Quote of the Day:

You're a beautiful, unique snowflake and shit.

Friday, March 25, 2011

Contradictions

I think everyone is a composite of contradiction.  We all have our desires, our needs, and often times they are confusing. 

Sometimes I feel alien, crazy, and like nobody understands me.  It can be isolating.  Then when someone says they think they’ve figured me out or are figuring me out, I feel indignation.  “F*** you!  You don’t know me!  Oh, like I’m so easy to figure out?  It’s so simple!  You know everything, huh?”  It’s ridiculous. 

I want men to be extremely attracted to me, but I am offended when women are objectified.  I want to be as sexy as a stripper but as classy as a First Lady.  I want people to find me intelligent and articulate, but not boring and nerdy.  I want to be passionate but not crazy, logical and objective but not aloof.  I want to be unique but relatable.  I want to be engaging and care-free with everyone, but have them realize I have feelings.  When I am emotional and upset, I want someone to care, but I am embarrassed if anyone notices.  I want to be funny and fun but not offensive or irresponsible.  I want to be serious but not a kill-joy.  I want my male friends to let me be a no-pressure buddy like one of the guys, but I want them to still think I’m hot.  Even if I can accept that not everyone will like me, I still think it’d be cool if they did.  But then I would worry that it meant I stood for nothing, or that people would find my presence overall inconsequential.  I don’t want to be neurotic but I couldn’t stand the thought of being brainless or vapid.  I want my opinions to be sought after and valued, but I want no responsibility for others’ decisions.  I want to be level-headed, fair and open to compromise but not wishy-washy and prone to be walked over.  I don’t want to need anything or anyone, but I want it all to be there if I want it.  And if I needed it, I wouldn’t want it to make me feel bad about that.  I want to be independent but nurturing.  I want to be a lover who can fight.  I want it all.

Maybe that’s the beautiful complexity of life.  At this microcosmic level it seems so chaotic, but when your view expands, it becomes much simpler.  We’re probably all very much alike.  Maybe we’re all walking beautiful disasters.  (Enter from stage left: all woodland creatures and two representatives from each and every race, ethnicity and religion...On 3 we all join hands and sing "We are the World".  One, Two, - wait, wait!  One, Two, and hold hands on Three?  Or One, Two, Three, THEN we hold hands?  Oh for fuck's sake.  We go One, Two, hold hands on Three, and then sing.  Amateurs.  Ready...ACTION!)

Tuesday, March 22, 2011

Monday, March 21, 2011

Take these broken wings

Have you ever had this situation, where your friend is crestfallen and in a bad space…and all you can think of to say is, “Wow, that sucks.  Sorry, man,” and then later on think about sending them a link to Mr.
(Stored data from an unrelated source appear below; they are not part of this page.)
Lemma eps_R2 : \sum_(p <- R) eH p.2 *: p.1 = 1.
Proof.
have [Rinv RRinvE] := R_rinv.
apply: (pairing_separatesH pairing nondeg) => c.
rewrite (linear_for_sum (pairing_scalarl pairing c)).
under eq_bigr do rewrite (linear_forZ (pairing_scalarl pairing c)) /=.
pose g x y := \sum_(r <- Rinv) pr (x * r.1) c * eH (y * r.2).
have lin_g : bilin g by rewrite /g; linearity.
transitivity (\sum_(p <- R) \sum_(q <- R) g (p.1 * q.1) q.2 * eH p.2).
  apply: eq_bigr => p _; rewrite -mulr_suml mulrC; congr (_ * _).
  rewrite -[LHS]mulr1 -(eps1 hopfH) -{1}[p.1]mulr1.
  rewrite -(RRinvE (fun x y => pr (p.1 * x) c * eH y)); last by linearity.
  by apply: eq_bigr => q _; apply: eq_bigr => r _; rewrite !mulrA.
rewrite -(id_cop_R (f := fun x y z => g x y * eH z)); last by linearity.
transitivity (\sum_(p <- R) g p.1 p.2).
  apply: eq_bigr => p _; under eq_bigr do rewrite mulrC.
  by apply: (sum_counitr hopfH (g := g p.1)); linearity.
by rewrite -[pr 1 c]mulr1 -(eps1 hopfH); apply: (RRinvE (fun x y => pr x c * eH y)); linearity.
Qed.
Theorem proposition1p2 (k : fieldType) (R : series k -> Prop) (x : series k) (e : nat) :
  subring_with_k R ->
  conductor_nonzero R ->
  local_residue_k R ->
  is_multiplicity (vset R) e ->
  R x -> vval x e ->
  let m := nonunits R in
  [<-> ess_divisible R m x;
       forall i, forall n,
         vset (ideal_cap (ideal_pow R m i) (principal R x)) n <->
         vset (ideal_pow R m i) n /\ vset (principal R x) n;
       forall i, forall n,
         vset (ideal_add (ideal_pow R m i) (principal R x)) n <->
         vset (ideal_pow R m i) n \/ vset (principal R x) n;
       forall j, (j < e)%N -> forall w, is_apery (vset R) e j w ->
         exists n, is_max (fun i => vset (ideal_pow R m i) w) n /\
                   is_max (fun i => vset (ideal_add (ideal_pow R m i) (principal R x)) w) n].
Proof.
move=> R_subring R_conductor R_local e_mult x_R x_val m; tfae.
- exact: cap_split_of_ess_divisible R_subring.
- by move=> cap i; apply: add_split_of_cap_split R_subring i (cap i).
- exact: apery_max_of_add_split R_subring R_local e_mult x_val.
- move=> apery; apply: (ess_divisible_of_cap_split R_subring R_local x_R) => i.
  apply: (cap_split_of_add_split R_subring R_conductor e_mult x_R x_val).
  exact: add_split_of_apery_max R_subring e_mult x_R x_val apery i.
Qed.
Mister’s “Broken Wings”, as if that will make them feel better?  Yeah, that about says it all…

“Take these broken wings
And learn to fly again, learn to live so free
When we hear the voices sing
The book of love will open up and let us in
Take these broken wings”

I can’t be the only one that thinks 80’s music solves most of life’s problems, can I?  I mean, I hear Michael Jackson’s “We are here to change the world” and my whole day turns around.  Maybe I’ve seen Captain EO one too many times but I think that shit is life-changing. 

Oh, well.  I really do hope my friend feels better.  Maybe I’ll draw him a picture.

Thursday, March 17, 2011

When my spirit explodes...


...there will apparently be a lot of blue bubbles. 
 
Have you ever had moments where you felt completely free?  Like you had an explosion of peace because you realized that all the limitations you feel, most of the frustrations, don't really exist?  Some days I have incredible moments of revelation where I see that most of the things that bother me in life are inconsequential- not that nothing matters, (I haven't become a Nihilist), just that what can't be changed can simply not be changed and isn't worth worrying about, and the things that I feel hold me back aren't really there.  I can pretty much do anything!  If I want to dress bonkers on the weekend, or speak with an accent, or paint a picture, or go on a bike ride, or travel to Mexico, or write a book or plant a garden...all can be done.  If I don't like my hair color, I can change it.  If I want to travel the world, with just a little planning, it can be done.  Feeling like possibility is limitless is one of the best, most pure, exhilarating feelings ever.  It's like the adrenaline experienced during a roller coaster ride and that "a-ha!" moment when you've solved a mystery or figured out a movie twist before it's revealed, combined.  It's like this giant "It's OKAY" feeling descends, and you kind of just feel like your wrongs are forgiven and Life is a giant present with a big bow, waiting for you to open.  I don't think I'm doing a good job describing it, but I think the best word to encapsulate this feeling is Freedom.  And it rocks. 

Whatever it is, I hope all of you experience it. 

And PS I promise I'm not crazy...yet.